**Work order:**
Your answer is the lines below, exactly, from the one that contains "by rewrite /dimv (big_morph _ vs2mxD vs2mx0)." through the one that contains "Lemma mx_representable_representable (R", both included.

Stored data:
+ + + + + + +

(* Let $(\mathcal{X},\mathbf{h})$ be an almost representable polymatroid, let $0\le\epsilon\le\mathbf{h}(\mathcal{X})$, and define $\mathbf{g}(\mathcal{A})=\min\big(\mathbf{h}(\mathcal{A}),\ \mathbf{h}(\mathcal{X})-\epsilon\big)$ for all $\mathcal{A}\subseteq\mathcal{X}$. Then $\mathbf{g}$ is almost representable.
   Context: A polymatroid $(\mathcal{X},\mathbf{h})$ is a finite ground set $\mathcal{X}=\{X_1,\dots,X_n\}$ with $\mathbf{h}:2^{\mathcal{X}}\to\mathbb{R}_{\ge0}$ satisfying $\mathbf{h}(\emptyset)=0$, monotonicity and submodularity. It is representable if for some finite field $\mathbb{F}_q$ there are subspaces $V_1,\dots,V_n$ of an $\mathbb{F}_q$-vector space with $\mathbf{h}(\{X_i:i\in\alpha\})=\dim\langle V_i:i\in\alpha\rangle$ for all $\alpha\subseteq\{1,\dots,n\}$. Rank functions are viewed as vectors in $\mathbb{R}^{2^{|\mathcal{X}|}}$. A function $\mathbf{h}$ is almost representable if $\mathbf{h}=\lim_{i\to\infty}c_i\mathbf{g}_i$ for some representable rank functions $\mathbf{g}_i$ on $\mathcal{X}$ and positive reals $c_i$. *)

From HB Require Import structures.
From mathcomp Require Import all_boot all_order all_algebra all_field.
From mathcomp Require Import all_classical all_reals all_analysis.
Set Implicit Arguments. Unset Strict Implicit. Unset Printing Implicit Defensive.
Import Order.TTheory GRing.Theory Num.Theory.
Local Open Scope classical_set_scope.
Local Open Scope ring_scope.

(* Ground set X = {X_1,...,X_n} is modelled by 'I_n; subsets by {set 'I_n}.
   Rank functions are functions {set 'I_n} -> R. *)

Definition polymatroid (R : realType) (n : nat) (h : {set 'I_n} -> R) : Prop :=
  [/\ h finset.set0 = 0,
      (forall A, 0 <= h A),
      (forall A B : {set 'I_n}, A \subset B -> h A <= h B) &
      (forall A B : {set 'I_n}, h (A :|: B) + h (A :&: B) <= h A + h B)].

Definition representable (R : realType) (n : nat) (h : {set 'I_n} -> R) : Prop :=
  exists (F : finFieldType) (vT : vectType F) (V : 'I_n -> {vspace vT}),
    forall A : {set 'I_n}, h A = (\dim (\sum_(i in A) V i)%VS)%:R.

(* h = lim c_i g_i in R^(2^n) (coordinatewise convergence, equivalent to
   convergence in the finite-dimensional space R^(2^n)). *)
Definition almost_representable (R : realType) (n : nat)
    (h : {set 'I_n} -> R) : Prop :=
  exists (g : nat -> {set 'I_n} -> R) (c : nat -> R),
    [/\ (forall k, representable (g k)),
        (forall k, 0 < c k) &
        (forall A : {set 'I_n}, c k * g k A @[k --> \oo] --> (h A : R^o))].

From HB Require Import structures.
From mathcomp Require Import all_boot all_order all_algebra all_field.
From mathcomp Require Import all_classical all_reals all_analysis.
From mathcomp Require Import zify.
Import Order.TTheory GRing.Theory Num.Theory.
Set Implicit Arguments. Unset Strict Implicit. Unset Printing Implicit Defensive.
Local Open Scope ring_scope.

(* Over a field with more elements than there are subsets of the ground set,
   representable rank functions are closed under truncation: projecting along
   a vector of the total space that avoids every span of smaller rank lowers
   the total rank by one and caps every other rank at it. They are also closed
   under multiplication by an integer (block-diagonal sums), and any finite
   field embeds in an arbitrarily large one. Given representable [g_k] with
   [c_k g_k --> h], choose integers [m_k] with [a_k = c_k / m_k --> 0] and
   truncate [m_k g_k] at [r_k = floor (t / a_k)], where [t = h X - eps]; then
   [a_k min (m_k g_k, r_k) = min (c_k g_k, a_k r_k) --> min (h, t)]. *)

Definition mx_representable {n : nat} (f : {set 'I_n} -> nat) :=
  exists (F : finFieldType) (d : nat) (M : 'I_n -> 'M[F]_d),
    forall A : {set 'I_n}, \rank (\sum_(i in A) M i)%MS = f A.

Section VectorSpaceMatrix.
Import VectorInternalTheory.

Lemma dimv_sumv (F : fieldType) (vT : vectType F) (I : finType) (P : pred I)
    (V : I -> {vspace vT}) :
  \dim (\sum_(i | P i) V i)%VS = \rank (\sum_(i | P i) vs2mx (V i))%MS.
Proof.
have vs2mxD (U W : {vspace vT}) : vs2mx (U + W)%VS = (vs2mx U + vs2mx W)%MS.
  by rewrite /= genmx_adds !gen_vs2mx.
have vs2mx0 : vs2mx (0%VS : {vspace vT}) = 0 by rewrite /= linear0 genmx0.
by rewrite /dimv (big_morph _ vs2mxD vs2mx0).
Qed.

Lemma representable_mx (R : realType) n (h : {set 'I_n} -> R) :
  representable h ->
  exists f : {set 'I_n} -> nat, mx_representable f /\ h = (fun A => (f A)%:R).
Proof.
move=> [F [vT [V hV]]]; exists (fun A : {set 'I_n} => \dim (\sum_(i in A) V i)%VS).
split; first by exists F, (dim vT), (fun i => vs2mx (V i)) => A; rewrite dimv_sumv.
by apply: funext => A; rewrite hV.
Qed.

Lemma mx_representable_representable (R : realType) n (f : {set 'I_n} -> nat) :
  mx_representable f -> representable (fun A => (f A)%:R : R).
Proof.
move=> [F [d [M fM]]]; pose vT := 'rV[F]_d.
have dim_vT : dim vT = d by rewrite dim_matrix mul1r.
move: M fM; rewrite -dim_vT => M fM.
exists F, vT, (fun i => mx2vs (M i)) => A.
by rewrite -fM dimv_sumv (eqmx_sums (fun i _ => mx2vsK (M i))).
Qed.

End VectorSpaceMatrix.

Section BlockDiagonal.
Variable F : fieldType.

Lemma block_diag_submx m1 m2 m3 m4 d1 d2 (X : 'M[F]_(m1, d1)) (Y : 'M[F]_(m2, d2))
    (X' : 'M[F]_(m3, d1)) (Y' : 'M[F]_(m4, d2)) :
  (X <= X')%MS -> (Y <= Y')%MS -> (block_mx X 0 0 Y <= block_mx X' 0 0 Y')%MS.
Proof.
move=> /submxP[P ->] /submxP[Q ->].
have -> : block_mx (P *m X') 0 0 (Q *m Y') = block_mx P 0 0 Q *m block_mx X' 0 0 Y'.
  by rewrite mulmx_block !mulmx0 !mul0mx !addr0 !add0r.
exact: submxMl.
Qed.
Lemma Cxsum_cons a n f : Cxsum a (S n) f = Cxadd (f a) (Cxsum (S a) n f).
Proof. reflexivity. Qed.

Lemma Cxsum_ext a n f g : (forall j, (a <= j < a + n)%nat -> f j = g j) ->
  Cxsum a n f = Cxsum a n g.
Proof.
  revert a; induction n as [|n IH]; intros a H; [reflexivity|].
  rewrite !Cxsum_cons, H, (IH (S a)) by (intros; try apply H; lia). reflexivity.
Qed.

Lemma Cxsum_add a n f g :
  Cxsum a n (fun j => Cxadd (f j) (g j)) = Cxadd (Cxsum a n f) (Cxsum a n g).
Proof. revert a; induction n as [|n IH]; intros a; [cxring|]. rewrite !Cxsum_cons, IH. cxring. Qed.

Lemma Cxsum_sub a n f g :
  Cxsum a n (fun j => Cxsub (f j) (g j)) = Cxsub (Cxsum a n f) (Cxsum a n g).
Proof. revert a; induction n as [|n IH]; intros a; [cxring|]. rewrite !Cxsum_cons, IH. cxring. Qed.

Lemma Cxsum_scale a n c f :
  Cxsum a n (fun j => Cxscale c (f j)) = Cxscale c (Cxsum a n f).
Proof. revert a; induction n as [|n IH]; intros a; [cxring|]. rewrite !Cxsum_cons, IH. cxring. Qed.

Lemma Cxsum_mulr a n f w :
  Cxsum a n (fun j => Cxmul (f j) w) = Cxmul (Cxsum a n f) w.
Proof. revert a; induction n as [|n IH]; intros a; [cxring|]. rewrite !Cxsum_cons, IH. cxring. Qed.

Lemma Cxsum_const a n z : Cxsum a n (fun _ => z) = Cxscale (INR n) z.
Proof.
  revert a; induction n as [|n IH]; intros a; [cxring|].
  rewrite Cxsum_cons, IH, S_INR. cxring.
Qed.

Lemma Cxsum_norm_le a n f B :
  (forall j, (a <= j < a + n)%nat -> Cxmod (f j) <= B) ->
  Cxmod (Cxsum a n f) <= INR n * B.
Proof.
  revert a; induction n as [|n IH]; intros a H.
  - simpl. change (Cmod 0 <= 0 * B). rewrite Cmod_0. lra.
  - rewrite Cxsum_cons, S_INR. eapply Rle_trans; [apply Cxmod_add_le|].
    assert (H1 := H a ltac:(lia)).
    assert (H2 := IH (S a) ltac:(intros; apply H; lia)). lra.
Qed.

+ + + + + + +

**Problem solution:**
by rewrite /dimv (big_morph _ vs2mxD vs2mx0).
Qed.

Lemma representable_mx (R : realType) n (h : {set 'I_n} -> R) :
  representable h ->
  exists f : {set 'I_n} -> nat, mx_representable f /\ h = (fun A => (f A)%:R).
Proof.
move=> [F [vT [V hV]]]; exists (fun A : {set 'I_n} => \dim (\sum_(i in A) V i)%VS).
split; first by exists F, (dim vT), (fun i => vs2mx (V i)) => A; rewrite dimv_sumv.
by apply: funext => A; rewrite hV.
Qed.

Lemma mx_representable_representable (R : realType) n (f : {set 'I_n} -> nat) :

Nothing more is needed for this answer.